In his opening remarks on Wednesday afternoon's Senate HELP Committee, Cassidy also struck a largely supportive tone.
But he did nudge Kennedy on vaccines. "When I see outbreaks numbering in the thousands and people dying once more from vaccine preventable diseases, particularly children, it seems more than tragic."
He followed with a question on the new nominee for the role of director of the Centers of Disease Control and Prevention. He wanted to know if the new director, once confirmed, would "have the right to make decisions independently" of "political appointees at the CDC who have worked to undermine trust in immunizations." This was likely a reference to former CDC director Susan Monarez, who was ousted after less than a month in the job due to disagreements with Kennedy on vaccine policy.
Cassidy is facing a tough Republican primary in Louisiana to keep his senate seat, and Kennedy's allies at the Make America Healthy Again PAC have endorsed a challenger.
Questions about TrumpRx
Several senators asked about TrumpRx, the administration's new drug discount site. Sen. Elizabeth Warren, D-Mass., wanted to know why some of the drugs there cost more than prices available elsewhere.
Noting that Protonix, a heartburn medication, costs $200 on TrumpRx, she asked Kennedy, "Do you know what the drug costs at Costco?"
"I do not," he replied.
She revealed it's $16 at Costco. After a back and forth on other drugs that cost less at Costco than TrumpRx, Kennedy said the TrumpRx prices were for brand-name drugs, not generics.
"You're comparing apples to oranges because you're comparing the brand drug to the generic drug. We will be directing [people] to the generic."

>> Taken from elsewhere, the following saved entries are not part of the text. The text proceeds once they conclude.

(* Let $f,g:\mathbb{N}\to\mathbb{N}$ be functions with $n=o(f(n))$ and $g(n)=o(n^{2})$ as $n\to\infty$, and let $l:\mathbb{N}\to\mathbb{N}$ satisfy $f(n)\le l(n)\le g(n)$ for every $n\in\mathbb{N}$. Then $$r(l(n))\sim \frac{l(n)^{2}}{2\alpha_n}\qquad (n\to\infty).$$
   Context: For $n\in\mathbb{N}$ let $G_n=G(n,3,1)$ be the graph whose vertex set $V_n$ consists of all $3$-element subsets of $\{1,\dots,n\}$ (equivalently, $(0,1)$-vectors in $\mathbb{R}^n$ with exactly three ones), two vertices being adjacent if and only if the corresponding sets share exactly one element (equivalently, the vectors have scalar product $1$). Let $\alpha_n$ denote the independence number of $G(n,3,1)$. For $W\subseteq V_n$ let $r(W)$ be the number of edges of $G(n,3,1)$ with both endpoints in $W$, and for an integer $0\le l\le \binom{n}{3}$ let $r(l)=\min\{r(W): W\subseteq V_n,\ |W|=l\}$ (so $r(l(n))$ is computed in $G(n,3,1)$). *)

From HB Require Import structures.
From mathcomp Require Import all_boot all_order all_algebra.
Set Implicit Arguments. Unset Strict Implicit. Unset Printing Implicit Defensive.
Import Order.TTheory GRing.Theory Num.Theory.

(* Vertex set V_n of G(n,3,1): 3-element subsets of {1..n} (modelled as 'I_n). *)
Definition Vn (n : nat) : {set {set 'I_n}} := [set A : {set 'I_n} | #|A| == 3].

Definition adj31 (n : nat) (A B : {set 'I_n}) : bool := #|A :&: B| == 1.

Definition indep31 (n : nat) (S : {set {set 'I_n}}) : bool :=
  (S \subset Vn n) && [forall A in S, forall B in S, ~~ adj31 A B].

Definition alpha31 (n : nat) : nat :=
  \max_(S : {set {set 'I_n}} | indep31 S) #|S|.

Definition rW (n : nat) (W : {set {set 'I_n}}) : nat :=
  #|[set e : {set {set 'I_n}} |
      (e \subset W) &&
      [exists A : {set 'I_n}, exists B : {set 'I_n},
         (A \in Vn n) && (B \in Vn n) && (e == [set A; B]) && adj31 A B]]|.

(* r(l) = min { r(W) : W subset of V_n, |W| = l }.  The default value
   #|Vn n|^2 is an upper bound for every r(W), so it is a neutral element
   whenever some W of size l exists (i.e. l <= C(n,3)). *)
Definition rl (n l : nat) : nat :=
  \big[minn/ (#|Vn n| ^ 2)%N]_(W : {set {set 'I_n}} | (W \subset Vn n) && (#|W| == l)) rW W.

From HB Require Import structures.
From mathcomp Require Import all_boot all_order all_algebra.
From mathcomp Require Import zify lra.
Import Order.TTheory GRing.Theory Num.Theory.
Set Implicit Arguments. Unset Strict Implicit. Unset Printing Implicit Defensive.

(* Lower bound: if W has no independent set larger than a, removing closed
   neighbourhoods of minimum degree one at a time (Turan) gives
   |W|^2 <= a (2 r(W) + |W|).  Independent sets of G(n,3,1) are families of
   3-sets with pairwise even intersections, so alpha_n <= n by the oddtown
   argument over F_2, and alpha_n |W| = o(|W|^2) since n = o(l(n)).
   Upper bound: the triples {k, c + 2j, c + 2j + 1} with block index k < c and
   j < s pairwise meet exactly in k inside a block and in 0 or 2 points across
   blocks, so l of them span at most l s / 2 edges.  Taking c = n - n/K blocks,
   s is about l/n, and l(n) = o(n^2) leaves room for the 2s extra points; hence
   r(l) <= (1 + eps) l^2 / (2 n) <= (1 + eps) l^2 / (2 alpha_n). *)

Lemma eq_set2_pair (T : finType) (a b x y : T) : a != b ->
  ([set x; y] == [set a; b]) = ((x, y) \in [set (a, b); (b, a)]).
Proof.
move=> ab; apply/eqP/set2P => [E | [] [-> ->] //]; last exact: setUC.
have xy : x != y.
  by have := congr1 (fun A : {set T} => #|A|) E; rewrite /= !cards2 ab; case: (x != y).
have : x \in [set a; b] by rewrite -E set21.
have : y \in [set a; b] by rewrite -E set22.
move=> /set2P[] ? /set2P[] ?; subst; by [left | right | rewrite eqxx in xy].
Qed.

(* With t^2 <= (a - 1)(O + t), Cauchy-Schwarz gives
   (t + D)^2 <= a (t^2 / (a - 1) + D^2) <= a (O + t + D^2). *)
Lemma turan_arith (a t D O : nat) : 0 < a -> t ^ 2 <= a.-1 * (O + t) ->
  (t + D) ^ 2 <= a * (O + t + D ^ 2).
Proof.
case: a => // -[|b] _ /= h.
  have t0 : t = 0 by move: h; rewrite mul0n leqn0 expn_eq0 => /andP [/eqP].
  by rewrite t0 add0n mul1n leq_addl.
have amgm : 2 * t * (b.+1 * D) <= t ^ 2 + (b.+1 * D) ^ 2.
  by have := (nat_AGM2 t (b.+1 * D)).1; rewrite sqrnD; lia.
have key : b.+1 * (t + D) ^ 2 <= b.+2 * t ^ 2 + b.+1 * b.+2 * D ^ 2.
  rewrite sqrnD expnMn in amgm *; nia.
have ht : b.+2 * t ^ 2 <= b.+2 * (b.+1 * (O + t)) by rewrite leq_mul2l h orbT.
rewrite -(leq_pmul2l (ltn0Sn b)); nia.
Qed.

Section SimpleGraph.
Variables (T : finType) (e : rel T).
Hypothesis e_sym : symmetric e.

Definition arcs (W : {set T}) : {set T * T} :=
  [set p | (p.1 \in W) && (p.2 \in W) && e p.1 p.2].
Definition deg (W : {set T}) (u : T) : nat := #|[set w in W | e u w]|.
Definition edges (W : {set T}) : {set {set T}} := [set [set p.1; p.2] | p in arcs W].
Definition stable (S : {set T}) : bool := [forall u in S, forall w in S, ~~ e u w].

Warren did not appear to be appeased. "If you're buying a drug on TrumpRX, there is a more than one in four chance that Trump's discount is actually a price hike," she said, saying it steers patients to more expensive drugs "that are going to pad Big Pharma's profits."
MAHA and toxins
Numerous Republican senators praised Kennedy for his progress on fighting to encourage healthy eating, including his work on phasing out certain synthetic food dyes. These are issues which appeal to his Make America Healthy Again base.
But he was challenged to account for President Trump's action on a chemical some worry is contaminating the food supply.
On Wednesday afternoon, Sen. Hassan sparred with Kennedy over the issue of glyphosate, a pesticide which his supporters in the MAHA movement have rallied against. Before joining the federal government, Kennedy sued chemical maker Monsanto over the health effects of glyphosate. Hassan noted that President Trump signed an executive order to increase production of the pesticide and to grant immunity from liability to the company that makes it.
"When you were running to get the MAHA vote, you told people you would stand up to chemical companies, you would take carcinogens out of our agricultural system," she said. She said instead of working with the president to limit the executive order, "you just stood down instead of standing up."
Kennedy defended the executive order as necessary for national security, and said President Trump has "given me $200 million to help get America off of glyphosate."